Repeat the first line of the listing and each line after it, exactly, through the line containing "(* In the paper's".

- - - - - - -

(* Let $F$ be any field, $N\in\mathbb{N}$, and $p,p'\in\mathbb{N}$ with $p+p'\le N+1$. If $x\in F^{N+1}$ satisfies $\operatorname{rank}(H_{p,p'-1}(x))>p$, then $\operatorname{rank}(H_{p-1,p'}(x))=p$.
   Context: $\mathbb{N}=\{0,1,2,\ldots\}$. For $N\in\mathbb{N}$, $x=(x_0,\ldots,x_N)\in F^{N+1}$ and integers $s,t\ge -1$ with $s+t\le N$, the Hankel matrix $H_{s,t}(x)$ is the $(s+1)\times(t+1)$ matrix $(x_{i+j})_{0\le i\le s,\,0\le j\le t}$ (a matrix with zero rows or columns has rank $0$). *)

From mathcomp Require Import all_boot all_order all_algebra.
Set Implicit Arguments. Unset Strict Implicit. Unset Printing Implicit Defensive.
Import GRing.Theory.
Local Open Scope ring_scope.

(* In the paper's notation, H_{s,t}(x) = hankel (s+1) (t+1) x  (s,t >= -1).
   Entries with i+j > N never occur under the hypotheses s+t <= N. *)
Definition hankel (F : fieldType) (N r c : nat) (x : 'rV[F]_(N.+1)) : 'M[F]_(r, c) :=
  \matrix_(i < r, j < c) x 0 (inord (i + j)).

From mathcomp Require Import all_boot all_order all_algebra.
Set Implicit Arguments. Unset Strict Implicit. Unset Printing Implicit Defensive.
Import GRing.Theory.
Local Open Scope ring_scope.

(* The two Hankel matrices A = H_{p,p'-1}(x) (size (p+1) x p')
   and B = H_{p-1,p'}(x) (size p x (p'+1)) share the block H_{p-1,p'-1}(x):
   it is A with its last row removed and B with its last column removed.
   Deleting one row lowers the rank by at most one, and deleting columns
   never raises it, so
       p < rank A <= rank H_{p-1,p'-1}(x) + 1 <= rank B + 1,
   i.e. rank B >= p; since B has only p rows, rank B = p.
   The file first proves the two general rank facts about submatrices, then
   the two identifications of the common Hankel block, and finally lemma10. *)

Section SubmatrixRank.
Variable F : fieldType.

Lemma mxrank_colsub m n n' (g : 'I_n' -> 'I_n) (A : 'M[F]_(m, n)) :
  (\rank (colsub g A) <= \rank A)%N.
Proof.
rewrite -mxrank_tr -[leqRHS]mxrank_tr trmx_mxsub.
exact/mxrankS/rowsub_sub.
Qed.

(* Removing the last row of a matrix lowers its rank by at most one: every
   row of A lies in the span of the remaining rows plus the last one. *)
Lemma mxrank_drop_last_row m n (A : 'M[F]_(m.+1, n)) :
  (\rank A <= \rank (rowsub (widen_ord (leqnSn m)) A) + 1)%N.
Proof.
set T := rowsub (widen_ord (leqnSn m)) A.
have A_sub : (A <= T + row ord_max A)%MS.
  apply/row_subP => i; have [->|ne_i] := eqVneq i ord_max; first exact: addsmxSr.
  have i_lt : (i < m)%N.
    by rewrite ltn_neqAle -ltnS ltn_ord andbT; apply: contra ne_i => /eqP i_max; apply/eqP/val_inj.
  have -> : i = widen_ord (leqnSn m) (Ordinal i_lt) by apply: val_inj.
  by rewrite -row_rowsub; apply: submx_trans (row_sub _ _) (addsmxSl _ _).
apply: leq_trans (mxrankS A_sub) _.
apply: leq_trans (mxrank_adds_leqif T (row ord_max A)).1 _.
by rewrite leq_add2l rank_leq_row.
Qed.

End SubmatrixRank.

Lemma hankel_drop_last_row (F : fieldType) (N r c : nat) (x : 'rV[F]_(N.+1)) :
  rowsub (widen_ord (leqnSn r)) (hankel r.+1 c x) = hankel r c x.
Proof. by apply/matrixP => i j; rewrite !mxE. Qed.

Lemma hankel_drop_last_col (F : fieldType) (N r c : nat) (x : 'rV[F]_(N.+1)) :
  colsub (widen_ord (leqnSn c)) (hankel r c.+1 x) = hankel r c x.
Proof. by apply/matrixP => i j; rewrite !mxE. Qed.

Theorem lemma10 (F : fieldType) (N p p' : nat) (x : 'rV[F]_(N.+1)) :
  (p + p' <= N.+1)%N ->
  (p < \rank (hankel p.+1 p' x))%N ->
  \rank (hankel p p'.+1 x) = p.
Proof.
move=> _ rankA_gt.
have rankA_le : (\rank (hankel p.+1 p' x) <= \rank (hankel p p' x) + 1)%N.
  by rewrite -[in leqRHS]hankel_drop_last_row mxrank_drop_last_row.
have rank_block_le : (\rank (hankel p p' x) <= \rank (hankel p p'.+1 x))%N.
  by rewrite -[in leqLHS]hankel_drop_last_col mxrank_colsub.
apply/eqP; rewrite eqn_leq rank_leq_row /=.
rewrite -(leq_add2r 1) addn1 (leq_trans rankA_gt) // (leq_trans rankA_le) //.
by rewrite leq_add2r.
Qed.
Lemma mulmx_skew_shiftE m (X : 'M[R]_(m, p.+1)) i (j : 'I_p.+1) :
  (X *m skew_shift) i j = if j == 0 :> nat then - X i ord_max else X i (inord j.-1).
Proof.
rewrite mxE; case: ifP => j0.
  rewrite (bigD1 ord_max) //= big1 ?addr0; first by rewrite mxE (eqP j0) /= eqxx mulrN1.
  move=> l /eqP lmax; rewrite mxE (eqP j0) /=.
  have -> : (l == p :> nat) = false by apply/eqP => lp; apply: lmax; apply: val_inj.
  by rewrite mulr0.
have j1 : (j.-1 < p.+1)%N by have := ltn_ord j; lia.
rewrite (bigD1 (inord j.-1)) //= big1 ?addr0.
  by rewrite mxE inordK // prednK ?lt0n ?j0 // eqxx mulr1.
move=> l /eqP lj; rewrite mxE j0 andbF.
have -> : (j == l.+1 :> nat) = false.
  by apply/eqP => jl; apply: lj; apply: val_inj; rewrite /= inordK // jl.
by rewrite mulr0.
Qed.

Lemma skew_shift_mulmxE m (X : 'M[R]_(p.+1, m)) (i : 'I_p.+1) j :
  (skew_shift *m X) i j = if i == p :> nat then - X ord0 j else X (inord i.+1) j.
Proof.
rewrite mxE; case: ifP => ip.
  rewrite (bigD1 ord0) //= big1 ?addr0; first by rewrite mxE /= ip mulN1r.
  move=> l /eqP l0; rewrite mxE ip /=.
  have -> : (l == i.+1 :> nat) = false by rewrite (eqP ip); have := ltn_ord l; lia.
  have -> : (l == 0 :> nat) = false by apply/eqP => l0'; apply: l0; apply: val_inj.
  by rewrite mul0r.
have i1 : (i.+1 < p.+1)%N by have := ltn_ord i; move/negbT: ip; lia.
rewrite (bigD1 (inord i.+1)) //= big1 ?addr0; first by rewrite mxE inordK // eqxx mul1r.
move=> l /eqP li; rewrite mxE ip.
have -> : (l == i.+1 :> nat) = false.
  by apply/eqP => li'; apply: li; apply: val_inj; rewrite /= inordK // li'.
by rewrite mul0r.
Qed.

Lemma skew_circulant_mulmx_shift t :
  skew_circulant t *m skew_shift = skew_circulant (negacyclic_shift t).
Proof.
apply/matrixP => i j; rewrite mulmx_skew_shiftE !mxE.
have := ltn_ord i; case: j => [[|j] ltjp] /=; rewrite ?inordK /=; try lia;
  case: (nat_of_ord i) => [|i'] ltip /=; rewrite ?leqnn ?subn0 //=.
- rewrite ifT; last lia.
  by have -> : (p.+1 + 0 - i'.+1 = (p - i'.+1).+1)%N by lia.
- case: (ltngtP i' j) => ij /=.
  + rewrite ifT; last lia.
    by have -> : (j.+1 - i'.+1 = (j - i'.+1).+1)%N by lia.
  + rewrite ifF; last lia.
    by have -> : (p.+1 + j.+1 - i'.+1 = (p.+1 + j - i'.+1).+1)%N by lia.
  + by rewrite ij leqnn subnn addSnnS addnK.
Qed.

Lemma skew_shift_mulmx_circulant t :
  skew_shift *m skew_circulant t = skew_circulant (negacyclic_shift t).
Proof.
apply/matrixP => i j; rewrite skew_shift_mulmxE !mxE.
have := ltn_ord j; case: (eqVneq (nat_of_ord i) p) => [-> | /eqP ip] ltjp /=.
  rewrite subn0; case: (ltngtP j p) => jp; try lia; last by rewrite jp subnn.
  by have -> : (p.+1 + j - p = j.+1)%N by lia.
have ltip : (i.+1 < p.+1)%N by have := ltn_ord i; lia.
rewrite inordK //; case: (ltngtP i j) => ij.
- by have -> : (j - i = (j - i.+1).+1)%N by lia.
- by have -> : (p.+1 + j - i = (p.+1 + j - i.+1).+1)%N by lia.
- by rewrite ij subnn addSnnS addnK.
Qed.

Lemma eq_skew_circulant t1 t2 :
  (forall m, (m <= p)%N -> t1 m = t2 m) -> skew_circulant t1 = skew_circulant t2.
Proof.
move=> t12; apply/matrixP => i j; have := ltn_ord i; have := ltn_ord j.
by rewrite !mxE; case: ifP => ij ltj lti; rewrite t12 //; lia.
Qed.

Lemma skew_circulantD t1 t2 :
  skew_circulant t1 + skew_circulant t2 = skew_circulant (fun m => t1 m + t2 m).
Proof. by apply/matrixP => i j; rewrite !mxE; case: ifP; rewrite ?opprD. Qed.

Lemma skew_circulantN t : - skew_circulant t = skew_circulant (fun m => - t m).
Proof. by apply/matrixP => i j; rewrite !mxE; case: ifP. Qed.

Lemma skew_circulantZ c t : c *: skew_circulant t = skew_circulant (fun m => c * t m).
Proof. by apply/matrixP => i j; rewrite !mxE; case: ifP; rewrite ?mulrN. Qed.

Lemma skew_circulant1 : skew_circulant (fun m => (m == 0)%:R) = 1%:M.
Proof.
apply/matrixP => i j; rewrite !mxE -val_eqE /=; have := ltn_ord i.
case: (ltngtP i j) => ij lti; last by rewrite ij subnn.
  by rewrite subn_eq0 leqNgt ij.
by rewrite (_ : (p.+1 + j - i == 0)%N = false) ?oppr0 //; lia.
Qed.

Lemma skew_shift_exp m :
  (m <= p)%N -> skew_shift ^+ m = skew_circulant (fun l => (l == m)%:R).
Proof.
elim: m => [_|m IHm ltmp]; first by rewrite expr0 skew_circulant1.
rewrite exprSr -mulmxE IHm 1?ltnW // skew_circulant_mulmx_shift.
by apply: eq_skew_circulant => -[|l] _ //=; rewrite gtn_eqF ?oppr0.
Qed.

Lemma skew_shift_exp_order : skew_shift ^+ p.+1 = -1.
Proof.
rewrite exprSr -mulmxE skew_shift_exp // skew_circulant_mulmx_shift -idmxE -skew_circulant1.
rewrite skew_circulantN; apply: eq_skew_circulant => -[|l] /= ltlp; first by rewrite eqxx.
by rewrite ltn_eqF ?oppr0.
Qed.

Lemma skew_shift_circulant :
  (0 < p)%N -> skew_shift = skew_circulant (fun m => (m == 1)%:R).
Proof. by move=> p0; rewrite -skew_shift_exp // expr1. Qed.

End SkewCirculant.

Section FLmatrix.
Variables (R : comNzRingType) (k a b : R).
Local Notation S := (FLseq k a b).

Lemma FLseqSS m : S m.+2 = k * S m.+1 + S m.
Proof. by []. Qed.

Lemma FLmx_skew_circulant p : FLmx p.+1 k a b = skew_circulant p (fun m => S m.+1).
Proof. by apply/matrixP => i j; rewrite !mxE. Qed.

Lemma FLmx_skew_shiftC p :
  FLmx p.+1 k a b *m skew_shift p = skew_shift p *m FLmx p.+1 k a b.
Proof.
by rewrite FLmx_skew_circulant skew_circulant_mulmx_shift skew_shift_mulmx_circulant.
Qed.

Lemma FLmx_mul_shift_quadratic p : (0 < p)%N ->
  FLmx p.+1 k a b *m (1%:M - k *: skew_shift p - skew_shift p *m skew_shift p) =
  (S 1 + S p.+2)%:M + (S 0 + S p.+1) *: skew_shift p.
Proof.
move=> p0; rewrite !mulmxBr mulmx1 -scalemxAr mulmxA FLmx_skew_circulant.
rewrite !skew_circulant_mulmx_shift skew_circulantZ !skew_circulantN !skew_circulantD.
rewrite -scalemx1 -skew_circulant1 (skew_shift_circulant p0) !skew_circulantZ.
rewrite skew_circulantD; apply: eq_skew_circulant.
case: p p0 => [//|p] _ [|[|m]] _ /=; rewrite ?mulr1n ?mulr0n.
- by rewrite (FLseqSS p.+1) (FLseqSS p); ring.
- by rewrite (FLseqSS 0); ring.
- by rewrite (FLseqSS m.+1) (FLseqSS m); ring.
Qed.

End FLmatrix.

Section SkewShiftKernel.
Context {R : fieldType} (p : nat).
Local Notation J := (skew_shift p : 'M[R]_p.+1).
Implicit Types (u : 'rV[R]_p.+1) (c d r : R).

Definition alt_row : 'rV[R]_p.+1 := \row_j (-1) ^+ j.

Lemma alt_row_neq0 : alt_row != 0.
Proof. by apply/negP => /eqP /rowP /(_ ord0) /eqP; rewrite !mxE expr0 oner_eq0. Qed.

Lemma alt_row_skew_shift : ~~ odd p -> alt_row *m J = - alt_row.
Proof.
move=> evenp; apply/rowP => -[[|j] ltjp]; rewrite mulmx_skew_shiftE !mxE /=.
  by rewrite -signr_odd (negbTE evenp) expr0.
by rewrite inordK 1?ltnW // exprS mulN1r opprK.
Qed.

Lemma skew_shift_antifixed u : u *m J = - u -> (u <= alt_row)%MS.
Proof.
move=> uJ; apply/sub_rVP; exists (u 0 ord0); apply/rowP => j; rewrite !mxE mulrC.
case: j => j ltjp; elim: j ltjp => [|j IHj] ltjp.
  by rewrite expr0 mul1r; congr (u 0 _); apply: val_inj.
move/rowP/(_ (Ordinal ltjp)): uJ; rewrite mulmx_skew_shiftE !mxE /= => uJj.
rewrite -[LHS]opprK -uJj.
have -> : inord j = Ordinal (ltnW ltjp) by apply: val_inj; rewrite /= inordK 1?ltnW.
by rewrite IHj exprS mulN1r mulNr.
Qed.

- - - - - - -

Written reply
(* Let $F$ be any field, $N\in\mathbb{N}$, and $p,p'\in\mathbb{N}$ with $p+p'\le N+1$. If $x\in F^{N+1}$ satisfies $\operatorname{rank}(H_{p,p'-1}(x))>p$, then $\operatorname{rank}(H_{p-1,p'}(x))=p$.
   Context: $\mathbb{N}=\{0,1,2,\ldots\}$. For $N\in\mathbb{N}$, $x=(x_0,\ldots,x_N)\in F^{N+1}$ and integers $s,t\ge -1$ with $s+t\le N$, the Hankel matrix $H_{s,t}(x)$ is the $(s+1)\times(t+1)$ matrix $(x_{i+j})_{0\le i\le s,\,0\le j\le t}$ (a matrix with zero rows or columns has rank $0$). *)

From mathcomp Require Import all_boot all_order all_algebra.
Set Implicit Arguments. Unset Strict Implicit. Unset Printing Implicit Defensive.
Import GRing.Theory.
Local Open Scope ring_scope.

(* In the paper's notation, H_{s,t}(x) = hankel (s+1) (t+1) x  (s,t >= -1).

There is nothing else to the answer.